=== Section Start ===

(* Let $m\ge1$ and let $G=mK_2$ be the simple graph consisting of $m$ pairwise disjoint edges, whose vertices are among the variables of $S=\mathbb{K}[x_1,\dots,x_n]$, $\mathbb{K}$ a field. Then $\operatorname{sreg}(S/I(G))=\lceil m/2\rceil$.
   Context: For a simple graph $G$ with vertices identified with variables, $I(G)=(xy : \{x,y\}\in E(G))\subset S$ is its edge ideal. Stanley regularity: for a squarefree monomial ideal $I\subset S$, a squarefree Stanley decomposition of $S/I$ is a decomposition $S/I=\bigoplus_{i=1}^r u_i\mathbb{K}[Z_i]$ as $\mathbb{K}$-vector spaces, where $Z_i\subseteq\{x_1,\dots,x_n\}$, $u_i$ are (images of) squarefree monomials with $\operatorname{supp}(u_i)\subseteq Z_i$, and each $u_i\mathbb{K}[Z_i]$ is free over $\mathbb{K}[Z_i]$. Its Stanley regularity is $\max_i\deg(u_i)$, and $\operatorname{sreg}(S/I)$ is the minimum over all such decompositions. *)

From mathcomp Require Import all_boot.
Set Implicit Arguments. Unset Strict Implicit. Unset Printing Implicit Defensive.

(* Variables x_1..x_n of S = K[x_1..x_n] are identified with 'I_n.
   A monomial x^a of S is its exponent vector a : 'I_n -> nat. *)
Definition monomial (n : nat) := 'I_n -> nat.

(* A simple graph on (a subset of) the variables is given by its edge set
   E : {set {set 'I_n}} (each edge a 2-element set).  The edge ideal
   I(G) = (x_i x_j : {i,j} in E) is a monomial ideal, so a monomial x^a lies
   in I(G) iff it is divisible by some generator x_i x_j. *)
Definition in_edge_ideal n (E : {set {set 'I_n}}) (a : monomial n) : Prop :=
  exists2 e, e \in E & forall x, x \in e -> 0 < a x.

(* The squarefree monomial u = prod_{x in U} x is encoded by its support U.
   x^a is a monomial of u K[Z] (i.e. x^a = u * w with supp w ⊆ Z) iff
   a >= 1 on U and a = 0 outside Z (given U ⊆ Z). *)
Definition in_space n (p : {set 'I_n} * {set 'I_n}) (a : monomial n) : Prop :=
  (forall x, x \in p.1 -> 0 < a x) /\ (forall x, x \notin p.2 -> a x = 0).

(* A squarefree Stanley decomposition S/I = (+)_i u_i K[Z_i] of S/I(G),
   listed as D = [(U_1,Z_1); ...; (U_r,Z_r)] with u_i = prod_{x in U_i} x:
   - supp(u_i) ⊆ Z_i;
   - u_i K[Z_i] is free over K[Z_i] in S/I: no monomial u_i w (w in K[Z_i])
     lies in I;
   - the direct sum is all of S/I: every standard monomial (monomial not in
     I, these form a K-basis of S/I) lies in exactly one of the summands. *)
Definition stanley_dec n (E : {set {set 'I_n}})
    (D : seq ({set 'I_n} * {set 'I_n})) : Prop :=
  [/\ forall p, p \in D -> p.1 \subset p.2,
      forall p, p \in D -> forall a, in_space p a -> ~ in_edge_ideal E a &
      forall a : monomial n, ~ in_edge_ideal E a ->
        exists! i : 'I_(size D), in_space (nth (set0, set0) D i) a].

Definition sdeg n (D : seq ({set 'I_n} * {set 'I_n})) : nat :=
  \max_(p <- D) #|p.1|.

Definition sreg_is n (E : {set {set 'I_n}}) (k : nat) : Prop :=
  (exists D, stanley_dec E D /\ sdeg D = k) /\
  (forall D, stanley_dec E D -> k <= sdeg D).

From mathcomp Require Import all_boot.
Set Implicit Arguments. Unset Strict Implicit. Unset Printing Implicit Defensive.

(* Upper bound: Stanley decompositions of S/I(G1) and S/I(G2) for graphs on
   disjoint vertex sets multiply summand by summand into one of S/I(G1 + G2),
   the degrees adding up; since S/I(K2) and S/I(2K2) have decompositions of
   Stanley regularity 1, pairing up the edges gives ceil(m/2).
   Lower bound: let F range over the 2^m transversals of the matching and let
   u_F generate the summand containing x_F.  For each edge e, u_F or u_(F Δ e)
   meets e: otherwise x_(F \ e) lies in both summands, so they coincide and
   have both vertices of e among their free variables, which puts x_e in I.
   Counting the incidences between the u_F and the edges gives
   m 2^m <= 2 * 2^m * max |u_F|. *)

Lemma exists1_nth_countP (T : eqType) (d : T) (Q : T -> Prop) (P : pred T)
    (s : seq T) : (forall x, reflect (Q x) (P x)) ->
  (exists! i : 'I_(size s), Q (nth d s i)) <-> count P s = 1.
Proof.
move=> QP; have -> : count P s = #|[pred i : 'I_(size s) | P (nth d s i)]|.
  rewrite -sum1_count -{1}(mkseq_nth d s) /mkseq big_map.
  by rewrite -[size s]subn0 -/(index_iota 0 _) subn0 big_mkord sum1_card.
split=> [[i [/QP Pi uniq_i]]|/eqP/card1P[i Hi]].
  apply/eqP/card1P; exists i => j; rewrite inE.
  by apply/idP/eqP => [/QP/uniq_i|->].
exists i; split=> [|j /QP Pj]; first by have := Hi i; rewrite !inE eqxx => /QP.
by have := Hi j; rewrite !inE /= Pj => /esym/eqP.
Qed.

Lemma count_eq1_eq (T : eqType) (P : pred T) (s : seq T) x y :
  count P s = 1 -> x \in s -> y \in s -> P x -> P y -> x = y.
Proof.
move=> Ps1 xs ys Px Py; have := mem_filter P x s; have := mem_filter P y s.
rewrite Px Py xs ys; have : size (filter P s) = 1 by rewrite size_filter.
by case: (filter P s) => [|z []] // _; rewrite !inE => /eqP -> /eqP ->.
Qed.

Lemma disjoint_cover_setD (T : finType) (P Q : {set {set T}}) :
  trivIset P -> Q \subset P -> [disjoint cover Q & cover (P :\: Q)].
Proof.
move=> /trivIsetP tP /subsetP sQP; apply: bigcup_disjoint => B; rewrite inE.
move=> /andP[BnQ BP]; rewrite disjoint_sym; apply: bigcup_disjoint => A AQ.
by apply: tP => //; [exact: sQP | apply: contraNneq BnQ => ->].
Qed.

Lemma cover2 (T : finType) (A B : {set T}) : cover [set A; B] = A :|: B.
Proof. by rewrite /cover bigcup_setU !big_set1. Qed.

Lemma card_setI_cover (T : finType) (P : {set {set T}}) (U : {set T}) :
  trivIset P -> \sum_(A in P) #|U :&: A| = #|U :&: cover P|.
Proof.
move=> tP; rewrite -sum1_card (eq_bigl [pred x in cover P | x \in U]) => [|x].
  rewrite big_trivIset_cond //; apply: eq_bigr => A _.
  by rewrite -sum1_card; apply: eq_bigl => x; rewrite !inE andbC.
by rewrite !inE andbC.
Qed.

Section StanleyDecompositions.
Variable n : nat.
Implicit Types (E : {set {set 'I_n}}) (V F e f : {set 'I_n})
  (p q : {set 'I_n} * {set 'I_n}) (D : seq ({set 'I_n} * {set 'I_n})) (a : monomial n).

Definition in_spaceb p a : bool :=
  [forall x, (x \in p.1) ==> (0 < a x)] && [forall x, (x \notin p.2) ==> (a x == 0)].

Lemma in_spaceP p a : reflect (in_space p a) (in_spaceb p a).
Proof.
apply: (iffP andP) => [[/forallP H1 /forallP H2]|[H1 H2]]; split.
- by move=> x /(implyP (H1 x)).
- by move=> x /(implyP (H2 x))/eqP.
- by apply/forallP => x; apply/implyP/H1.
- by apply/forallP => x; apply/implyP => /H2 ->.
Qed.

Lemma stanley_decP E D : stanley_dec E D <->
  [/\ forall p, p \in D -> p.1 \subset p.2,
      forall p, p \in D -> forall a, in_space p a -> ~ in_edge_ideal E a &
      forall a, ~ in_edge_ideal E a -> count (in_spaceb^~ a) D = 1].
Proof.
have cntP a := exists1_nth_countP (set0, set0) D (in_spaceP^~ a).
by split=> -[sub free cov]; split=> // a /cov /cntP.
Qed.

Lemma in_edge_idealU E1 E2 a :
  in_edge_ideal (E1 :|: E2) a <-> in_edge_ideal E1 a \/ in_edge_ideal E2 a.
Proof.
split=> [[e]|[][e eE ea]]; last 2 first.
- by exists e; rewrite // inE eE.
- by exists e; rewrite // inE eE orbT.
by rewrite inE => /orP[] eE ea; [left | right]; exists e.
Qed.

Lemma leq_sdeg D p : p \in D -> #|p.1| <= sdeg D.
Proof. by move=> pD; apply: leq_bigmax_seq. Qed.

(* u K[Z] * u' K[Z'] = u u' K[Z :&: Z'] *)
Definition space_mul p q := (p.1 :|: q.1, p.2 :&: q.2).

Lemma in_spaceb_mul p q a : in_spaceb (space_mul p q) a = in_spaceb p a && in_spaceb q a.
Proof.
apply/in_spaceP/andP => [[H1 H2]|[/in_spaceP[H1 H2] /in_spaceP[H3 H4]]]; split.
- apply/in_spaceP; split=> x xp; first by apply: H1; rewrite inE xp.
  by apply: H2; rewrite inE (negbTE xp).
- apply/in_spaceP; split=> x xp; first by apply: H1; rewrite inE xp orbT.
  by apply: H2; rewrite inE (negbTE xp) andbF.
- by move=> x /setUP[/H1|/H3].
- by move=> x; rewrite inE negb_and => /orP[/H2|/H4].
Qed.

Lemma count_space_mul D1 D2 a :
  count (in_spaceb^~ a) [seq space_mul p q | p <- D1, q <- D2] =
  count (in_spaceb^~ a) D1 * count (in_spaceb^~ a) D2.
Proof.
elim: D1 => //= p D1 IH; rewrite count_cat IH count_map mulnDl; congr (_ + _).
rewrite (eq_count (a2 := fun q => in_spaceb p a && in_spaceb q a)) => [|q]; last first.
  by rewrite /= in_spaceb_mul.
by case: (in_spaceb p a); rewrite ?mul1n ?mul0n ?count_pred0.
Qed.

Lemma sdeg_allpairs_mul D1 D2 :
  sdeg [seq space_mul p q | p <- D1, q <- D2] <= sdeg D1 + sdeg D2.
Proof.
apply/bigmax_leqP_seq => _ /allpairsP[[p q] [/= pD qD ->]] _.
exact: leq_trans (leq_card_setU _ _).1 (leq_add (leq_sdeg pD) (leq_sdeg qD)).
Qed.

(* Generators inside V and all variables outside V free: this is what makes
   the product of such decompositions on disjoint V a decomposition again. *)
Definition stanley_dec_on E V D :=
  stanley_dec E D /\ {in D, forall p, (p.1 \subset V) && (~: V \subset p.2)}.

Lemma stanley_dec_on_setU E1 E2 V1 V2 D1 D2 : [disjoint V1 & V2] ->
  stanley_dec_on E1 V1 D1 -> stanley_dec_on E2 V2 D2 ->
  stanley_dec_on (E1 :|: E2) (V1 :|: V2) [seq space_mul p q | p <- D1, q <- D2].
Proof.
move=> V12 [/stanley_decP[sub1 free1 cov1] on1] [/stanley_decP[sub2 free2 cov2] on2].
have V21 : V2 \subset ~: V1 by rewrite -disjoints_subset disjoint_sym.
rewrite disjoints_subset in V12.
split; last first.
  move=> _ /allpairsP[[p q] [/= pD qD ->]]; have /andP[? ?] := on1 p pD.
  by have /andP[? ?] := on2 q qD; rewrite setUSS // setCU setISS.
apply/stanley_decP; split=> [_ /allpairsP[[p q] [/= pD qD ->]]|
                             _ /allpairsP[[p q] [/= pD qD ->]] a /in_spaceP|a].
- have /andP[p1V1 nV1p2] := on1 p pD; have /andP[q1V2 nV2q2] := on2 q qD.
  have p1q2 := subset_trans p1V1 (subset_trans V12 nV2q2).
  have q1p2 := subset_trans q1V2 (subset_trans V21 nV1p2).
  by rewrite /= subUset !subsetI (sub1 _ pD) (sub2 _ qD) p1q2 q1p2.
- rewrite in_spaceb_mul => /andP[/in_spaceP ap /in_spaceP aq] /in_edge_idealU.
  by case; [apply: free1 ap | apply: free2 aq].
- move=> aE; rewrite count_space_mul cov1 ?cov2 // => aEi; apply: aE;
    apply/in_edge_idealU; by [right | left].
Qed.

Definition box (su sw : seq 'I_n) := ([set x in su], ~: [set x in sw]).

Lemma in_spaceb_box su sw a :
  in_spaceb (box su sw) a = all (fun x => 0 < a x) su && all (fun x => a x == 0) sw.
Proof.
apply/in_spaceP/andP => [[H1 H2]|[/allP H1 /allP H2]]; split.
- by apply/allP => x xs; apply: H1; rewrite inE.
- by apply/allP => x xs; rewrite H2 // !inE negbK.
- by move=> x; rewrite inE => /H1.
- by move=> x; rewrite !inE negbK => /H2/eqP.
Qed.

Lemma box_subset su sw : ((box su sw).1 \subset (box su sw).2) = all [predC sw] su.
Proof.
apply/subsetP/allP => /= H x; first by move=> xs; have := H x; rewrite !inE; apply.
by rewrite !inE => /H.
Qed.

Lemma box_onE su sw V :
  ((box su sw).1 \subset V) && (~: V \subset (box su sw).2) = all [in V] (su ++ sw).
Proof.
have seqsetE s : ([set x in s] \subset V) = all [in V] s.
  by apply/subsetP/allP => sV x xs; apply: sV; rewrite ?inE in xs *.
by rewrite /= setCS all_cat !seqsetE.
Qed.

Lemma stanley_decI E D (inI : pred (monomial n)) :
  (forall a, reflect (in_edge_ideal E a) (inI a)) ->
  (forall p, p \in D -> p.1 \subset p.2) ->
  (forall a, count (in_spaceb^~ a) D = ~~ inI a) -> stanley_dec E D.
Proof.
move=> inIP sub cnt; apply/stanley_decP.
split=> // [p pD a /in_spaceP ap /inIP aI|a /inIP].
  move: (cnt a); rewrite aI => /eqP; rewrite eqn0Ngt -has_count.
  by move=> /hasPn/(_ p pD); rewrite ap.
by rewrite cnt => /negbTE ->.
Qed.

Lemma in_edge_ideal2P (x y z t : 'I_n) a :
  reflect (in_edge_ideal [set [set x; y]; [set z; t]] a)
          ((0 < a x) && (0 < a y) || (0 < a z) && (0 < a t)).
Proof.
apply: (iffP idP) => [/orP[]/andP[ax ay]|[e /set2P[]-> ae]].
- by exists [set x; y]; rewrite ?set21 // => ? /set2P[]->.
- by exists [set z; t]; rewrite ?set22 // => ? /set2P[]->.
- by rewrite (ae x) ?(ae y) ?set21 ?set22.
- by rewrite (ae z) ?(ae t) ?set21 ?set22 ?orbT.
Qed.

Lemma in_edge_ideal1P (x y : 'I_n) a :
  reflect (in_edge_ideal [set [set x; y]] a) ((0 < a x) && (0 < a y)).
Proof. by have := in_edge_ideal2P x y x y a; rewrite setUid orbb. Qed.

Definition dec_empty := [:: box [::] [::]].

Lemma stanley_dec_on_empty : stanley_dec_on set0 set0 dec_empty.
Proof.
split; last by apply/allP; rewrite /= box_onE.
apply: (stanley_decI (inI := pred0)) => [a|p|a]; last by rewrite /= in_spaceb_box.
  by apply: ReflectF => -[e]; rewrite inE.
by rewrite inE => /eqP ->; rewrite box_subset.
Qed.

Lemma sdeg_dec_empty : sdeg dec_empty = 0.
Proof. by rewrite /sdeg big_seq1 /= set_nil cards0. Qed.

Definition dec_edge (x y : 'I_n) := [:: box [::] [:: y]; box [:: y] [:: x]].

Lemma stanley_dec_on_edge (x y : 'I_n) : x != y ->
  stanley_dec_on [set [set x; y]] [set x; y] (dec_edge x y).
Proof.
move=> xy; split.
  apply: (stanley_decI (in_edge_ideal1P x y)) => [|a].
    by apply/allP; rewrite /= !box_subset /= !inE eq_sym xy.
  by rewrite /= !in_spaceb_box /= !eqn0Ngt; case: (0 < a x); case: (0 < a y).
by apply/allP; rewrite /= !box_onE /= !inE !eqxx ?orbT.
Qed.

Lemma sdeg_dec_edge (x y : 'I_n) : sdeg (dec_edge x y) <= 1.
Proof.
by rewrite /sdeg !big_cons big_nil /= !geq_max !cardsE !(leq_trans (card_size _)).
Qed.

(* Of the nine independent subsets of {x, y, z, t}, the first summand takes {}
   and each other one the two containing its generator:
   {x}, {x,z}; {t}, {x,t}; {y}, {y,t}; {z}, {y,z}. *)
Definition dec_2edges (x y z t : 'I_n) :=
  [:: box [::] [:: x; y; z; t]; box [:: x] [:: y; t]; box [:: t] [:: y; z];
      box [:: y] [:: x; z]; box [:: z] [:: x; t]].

=== Section End ===

> [What you will do]
Note how many lines of the records contain the string "containing", and give that number with nothing added.

> [Your solution]
2